Is following the Lord in obedience in baptism the responsibility of the parents to baptize their children or is it the responsibility of the person who has just placed his faith in Christ? 

It seems that baptism is an outward sign that you have died with Christ and shead your old self and rose with him again to walk in a new life. How can an infant really fulfill the outward sign of baptism when he has not had a life and has not placed his faith in Christ and has not risen to walk in obedience to his Lord? This question has been haunting me for awhile now. It's driving me nuts. I want to know the truth.

I am confused about baptism. Why is it so difficult? I don't even understand why God told us to do it. It seems like a ritual.

We are told that we must baptize our children or we sin because baptism = circumscision. I learned that from my time in the RCC. I'm worried that maybe the only reason I believe that way is because I have been deceived by something the RCC made up and I am hanging onto that because I am afraid to offend God because it is supposed to be a sin not to baptize my children.

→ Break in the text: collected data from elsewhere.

(* Let $(X,S_b)$ be an $S_b$-metric space with $b\geq 1$, let $x_1,x_2\in X$, and let $f:X\to X$ be a self-mapping for which there exist $\alpha\in(0,1)$ and a non-decreasing function $\varphi:(0,\infty)\to(1,\infty)$ such that for all $x\in X\setminus\{x_1,x_2\}$, $$S_b(x,x,fx)>0 \implies \varphi\big(S_b(x,x,fx)\big)\leq \left[\varphi\left(\frac{S_b(x,x,x_1)}{S_b(x,x,x_2)}\right)\right]^{\alpha}$$ (i.e. $f$ is a Jleli-Samet type $A_{x_1,x_2}$-$S_b$-contraction). Let $$r=\inf\{S_b(x,x,fx): x\neq fx,\ x\in X\}.$$ If $fx_1=x_1$ and $fx_2=x_2$, then $f$ fixes the Apollonius circle $A^{S_b}_r(x_1,x_2)=\left\{x\in X\setminus\{x_2\}: \frac{S_b(x,x,x_1)}{S_b(x,x,x_2)}=r\right\}$, i.e. $fx=x$ for every $x\in A^{S_b}_r(x_1,x_2)$.
   Context: An $S_b$-metric space $(X,S_b)$ with constant $b\geq 1$ is a nonempty set $X$ with a function $S_b:X\times X\times X\to[0,\infty)$ such that for all $x,y,z,a\in X$: (1) $S_b(x,y,z)=0$ if and only if $x=y=z$; (2) $S_b(x,y,z)\leq b[S_b(x,x,a)+S_b(y,y,a)+S_b(z,z,a)]$. A mapping $f$ fixes a set $\mathcal{F}\subseteq X$ if $\mathcal{F}$ is contained in the fixed point set $\{x\in X: fx=x\}$. *)

From Stdlib Require Import Reals.
Open Scope R_scope.

Definition Sb_metric {X : Type} (S : X -> X -> X -> R) (b : R) : Prop :=
  1 <= b /\
  (forall x y z, 0 <= S x y z) /\
  (forall x y z, S x y z = 0 <-> (x = y /\ y = z)) /\
  (forall x y z a, S x y z <= b * (S x x a + S y y a + S z z a)).

Definition is_glb (E : R -> Prop) (r : R) : Prop :=
  (forall t, E t -> r <= t) /\ (forall m, (forall t, E t -> m <= t) -> m <= r).

Definition fixes_set {X : Type} (f : X -> X) (F : X -> Prop) : Prop :=
  forall x, F x -> f x = x.

Definition apollonius_circle {X : Type} (S : X -> X -> X -> R) (r : R) (x1 x2 : X)
  : X -> Prop :=
  fun x => x <> x2 /\ S x x x1 / S x x x2 = r.

Definition JS_contraction {X : Type} (S : X -> X -> X -> R) (f : X -> X) (x1 x2 : X)
  (alpha : R) (phi : R -> R) : Prop :=
  forall x, x <> x1 -> x <> x2 -> 0 < S x x (f x) ->
    phi (S x x (f x)) <= Rpower (phi (S x x x1 / S x x x2)) alpha.

(* A point x of the circle that is not fixed satisfies x <> x1 (as x1 is fixed), so the
   contraction applies at x.  Its displacement S(x,x,fx) is at least the infimum r, and r is
   the ratio S(x,x,x1)/S(x,x,x2); monotonicity of phi then gives
   phi r <= phi (S(x,x,fx)) <= (phi r)^alpha < phi r, since phi r > 1 and alpha < 1. *)
From Stdlib Require Import Reals Lra Classical.
Open Scope R_scope.

Lemma Sb_metric_pos {X : Type} (S : X -> X -> X -> R) (b : R) (y z : X) :
  Sb_metric S b -> y <> z -> 0 < S y y z.
Proof.
  intros [_ [hnn [hzero _]]] hyz.
  destruct (Rle_lt_or_eq_dec _ _ (hnn y y z)) as [hlt | heq]; [exact hlt |].
  exfalso; apply hyz.
  symmetry in heq; apply hzero in heq; tauto.
Qed.

Lemma Rpower_lt_self (a alpha : R) : 1 < a -> alpha < 1 -> Rpower a alpha < a.
Proof.
  intros ha halpha.
  rewrite <- (Rpower_1 a) at 2 by lra.
  now apply Rpower_lt.
Qed.

Lemma phi_not_contracted (phi : R -> R) (alpha s t : R) :
  alpha < 1 ->
  (forall u, 0 < u -> 1 < phi u) ->
  (forall u v, 0 < u -> u <= v -> phi u <= phi v) ->
  0 < t -> t <= s -> ~ phi s <= Rpower (phi t) alpha.
Proof.
  intros halpha hrange hmono ht hts hcontr.
  assert (hlt := Rpower_lt_self (phi t) alpha (hrange t ht) halpha).
  assert (hle := hmono t s ht hts).
  lra.
Qed.

Theorem theorem2p17 (X : Type) (S : X -> X -> X -> R) (b : R)
  (hS : Sb_metric S b) (x1 x2 : X) (f : X -> X)
  (alpha : R) (phi : R -> R)
  (halpha : 0 < alpha < 1)
  (hphi_range : forall t, 0 < t -> 1 < phi t)
  (hphi_mono : forall s t, 0 < s -> s <= t -> phi s <= phi t)
  (hcontr : JS_contraction S f x1 x2 alpha phi)
  (r : R) (hr : is_glb (fun t => exists x, x <> f x /\ t = S x x (f x)) r)
  (hfx1 : f x1 = x1) (hfx2 : f x2 = x2) :
  fixes_set f (apollonius_circle S r x1 x2).
Proof.
  intros x [hx2 hratio].
  destruct (classic (f x = x)) as [hfix | hmoved]; [exact hfix | exfalso].
  assert (hx1 : x <> x1) by (intros ->; congruence).
  assert (hdisp : 0 < S x x (f x))
    by (apply (Sb_metric_pos S b); auto).
  assert (hr_pos : 0 < r).
  { rewrite <- hratio.
    apply Rdiv_lt_0_compat; apply (Sb_metric_pos S b); auto. }
  assert (hr_le : r <= S x x (f x)) by (apply (proj1 hr); eauto).
  apply (phi_not_contracted phi alpha (S x x (f x)) r (proj2 halpha)
           hphi_range hphi_mono hr_pos hr_le).
  rewrite <- hratio.
  exact (hcontr x hx1 hx2 hdisp).
Qed.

How do we explain these passages if baptism is circumcision?

Romans 2:29 KJV
[29] But he is a Jew, which is one inwardly; and circumcision is that of the heart, in the spirit, and not in the letter; whose praise is not of men, but of God.

Galatians 5:6 KJV
[6] For in Jesus Christ neither circumcision availeth anything, nor uncircumcision; but faith which worketh by love.


----------



## au5t1n (Mar 20, 2010)

DD2009 said:


> It seems that baptism is an outward sign that you have died with Christ and shead your old self and rose with him again to walk in a new life. How can an infant really fulfill the outward sign of baptism when he has not had a life and has not placed his faith in Christ and has not risen to walk in obedience to his Lord? This question has been haunting me for awhile now. It's driving me nuts. I want to know the truth.


 
Baptism in the New Testament is an initiation into discipleship, not a pronouncement that one has been tested rigorously and found to be regenerate. Thus Simon Magus was baptized into discipleship, but he soon after proved to be no true Christian. Even the Great Commission shows it: we baptize disciples, and we teach them to obey. The children of believers are baptized into a life of discipleship.


--Added--
Regarding baptism and circumcision, maybe this will help: Circumcision is ceremonial and thus abrogated. Baptism does, however, perform the same function (visible covenant initiation) and bear the same symbolism as circumcision, which is why Paul sees fit to compare them in Col. 2:11-12. So it is incorrect to say that baptism is circumcision, but correct to say that baptism fulfills the same function of initiation into the covenant (visibly) as circumcision, as well as symbolizing the same spiritual realities.


----------